Lemma on_circle_bounds c : on_circle c -> (0 <= dlev c)%Z /\ (0 <= didx c < 2 ^ dlev c)%Z.
Proof.
  intros H. pose proof (H _ (in_dint_top c)) as Ht. unfold S1, dint_top in Ht.
  pose proof (pow2_pos (dlev c)) as Hp.
  assert (Hl : (0 <= dlev c)%Z).
  { destruct (Z_le_gt_dec 0 (dlev c)) as [Hl|Hl]; [exact Hl|exfalso].
    assert (Hinv : pow2 (dlev c) * pow2 (- dlev c) = 1).
    { rewrite <- pow2_add. replace (dlev c + - dlev c)%Z with 0%Z by lia. reflexivity. }
    assert (H2 : 2 <= pow2 (- dlev c)).
    { rewrite pow2_IZR by lia. apply IZR_le.
      change 2%Z with (2 ^ 1)%Z at 1. apply Z.pow_le_mono_r; lia. }
    assert (Hx : in_dint c (dint_top c - 1)).
    { unfold in_dint, dint_top. rewrite Rmult_minus_distr_r.
      replace ((IZR (didx c) + 1) / pow2 (dlev c) * pow2 (dlev c))
        with (IZR (didx c) + 1) by (field; lra). nra. }
    apply H in Hx. unfold S1, dint_top in Hx. lra. }
  split; [exact Hl|]. rewrite pow2_IZR in Hp, Ht by exact Hl.
  assert (Hj : 0 < IZR (didx c) + 1 <= IZR (2 ^ dlev c)).
  { split.
    - apply (Rmult_lt_reg_r (/ IZR (2 ^ dlev c))); [apply Rinv_0_lt_compat; lra|]. lra.
    - apply (Rmult_le_reg_r (/ IZR (2 ^ dlev c))); [apply Rinv_0_lt_compat; lra|].
      rewrite Rinv_r by lra. lra. }
  rewrite <- plus_IZR in Hj. destruct Hj as [Hj1 Hj2].
  apply lt_IZR in Hj1. apply le_IZR in Hj2. lia.
Qed.

Lemma dint_level_cover L y :
  (0 <= L)%Z -> S1 y -> exists j, (0 <= j < 2 ^ L)%Z /\ in_dint (L, j) y.
Proof.
  intros HL Hy. set (z := y * pow2 L). destruct (archimed (- z)) as [A1 A2].
  assert (Hs : in_dint (L, (- up (- z))%Z) y).
  { unfold in_dint, dlev, didx; cbn [fst snd]. fold z. rewrite opp_IZR. lra. }
  exists (- up (- z))%Z. split; [|exact Hs].
  unfold in_dint, dlev, didx in Hs; cbn [fst snd] in Hs. fold z in Hs.
  pose proof (pow2_pos L).
  assert (Hz0 : 0 < z) by (unfold z, S1 in *; nra).
  assert (Hz1 : z <= IZR (2 ^ L)) by (unfold z, S1 in *; rewrite <- pow2_IZR by lia; nra).
  split.
  - apply IZR_lt_succ. simpl. lra.
  - apply lt_IZR. lra.
Qed.

Lemma least_nat (P : nat -> Prop) :
  (exists n, P n) -> exists n, P n /\ forall m, (m < n)%nat -> ~ P m.
Proof.
  intros H.
  destruct (Wf_nat.dec_inh_nat_subset_has_unique_least_element P (fun n => classic (P n)) H)
    as [n [[Pn Hmin] _]].
  exists n. split; [exact Pn|]. intros m Hm Pm. specialize (Hmin m Pm). lia.
Qed.

Definition returns (f : R -> R) (c : dint) : Prop :=
  exists i x, (1 <= i)%nat /\ in_dint c x /\ in_dint c (Nat.iter i f x).

Definition periodic_on (f : R -> R) (c : dint) : Prop :=
  exists P, (1 <= P)%nat /\ forall x, in_dint c x -> Nat.iter P f x = x.

Section Chain.

Variable f : R -> R.
Variable I : nat -> dint.
Hypothesis I_step : forall t, maps_affinely f (I t) (I (S t)).
Hypothesis I_circle : forall t, on_circle (I t).

Lemma chain_iter n i : maps_affinely (Nat.iter i f) (I n) (I (n + i)%nat).
Proof. apply maps_affinely_iter. intros s _. apply I_step. Qed.

Lemma chain_shift a b t :
  dint_incl (I a) (I b) -> dint_incl (I (a + t)%nat) (I (b + t)%nat).
Proof.
  intros H y Hy. destruct (maps_affinely_onto _ _ _ _ (chain_iter a t) Hy) as [x [Hx <-]].
  apply (maps_affinely_into _ _ _ _ (chain_iter b t)), H, Hx.
Qed.

Lemma chain_periodic_of_eq n d : (1 <= d)%nat -> I n = I (n + d)%nat -> periodic_on f (I n).
Proof.
  intros Hd E. exists d. split; [exact Hd|]. intros x Hx.
  pose proof (chain_iter n d) as Hnd. rewrite <- E in Hnd.
  exact (maps_affinely_fix _ _ _ Hnd Hx).
Qed.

◆ Your task: An exact, complete copy of the lines above from the one with "assert (H2 : 2 <= pow2 (- dlev c))." through the one with "rewrite <- plus_IZR" is the whole answer.

◆ Answer section:
    assert (H2 : 2 <= pow2 (- dlev c)).
    { rewrite pow2_IZR by lia. apply IZR_le.
      change 2%Z with (2 ^ 1)%Z at 1. apply Z.pow_le_mono_r; lia. }
    assert (Hx : in_dint c (dint_top c - 1)).
    { unfold in_dint, dint_top. rewrite Rmult_minus_distr_r.
      replace ((IZR (didx c) + 1) / pow2 (dlev c) * pow2 (dlev c))
        with (IZR (didx c) + 1) by (field; lra). nra. }
    apply H in Hx. unfold S1, dint_top in Hx. lra. }
  split; [exact Hl|]. rewrite pow2_IZR in Hp, Ht by exact Hl.
  assert (Hj : 0 < IZR (didx c) + 1 <= IZR (2 ^ dlev c)).
  { split.
    - apply (Rmult_lt_reg_r (/ IZR (2 ^ dlev c))); [apply Rinv_0_lt_compat; lra|]. lra.
    - apply (Rmult_le_reg_r (/ IZR (2 ^ dlev c))); [apply Rinv_0_lt_compat; lra|].
      rewrite Rinv_r by lra. lra. }
  rewrite <- plus_IZR in Hj. destruct Hj as [Hj1 Hj2].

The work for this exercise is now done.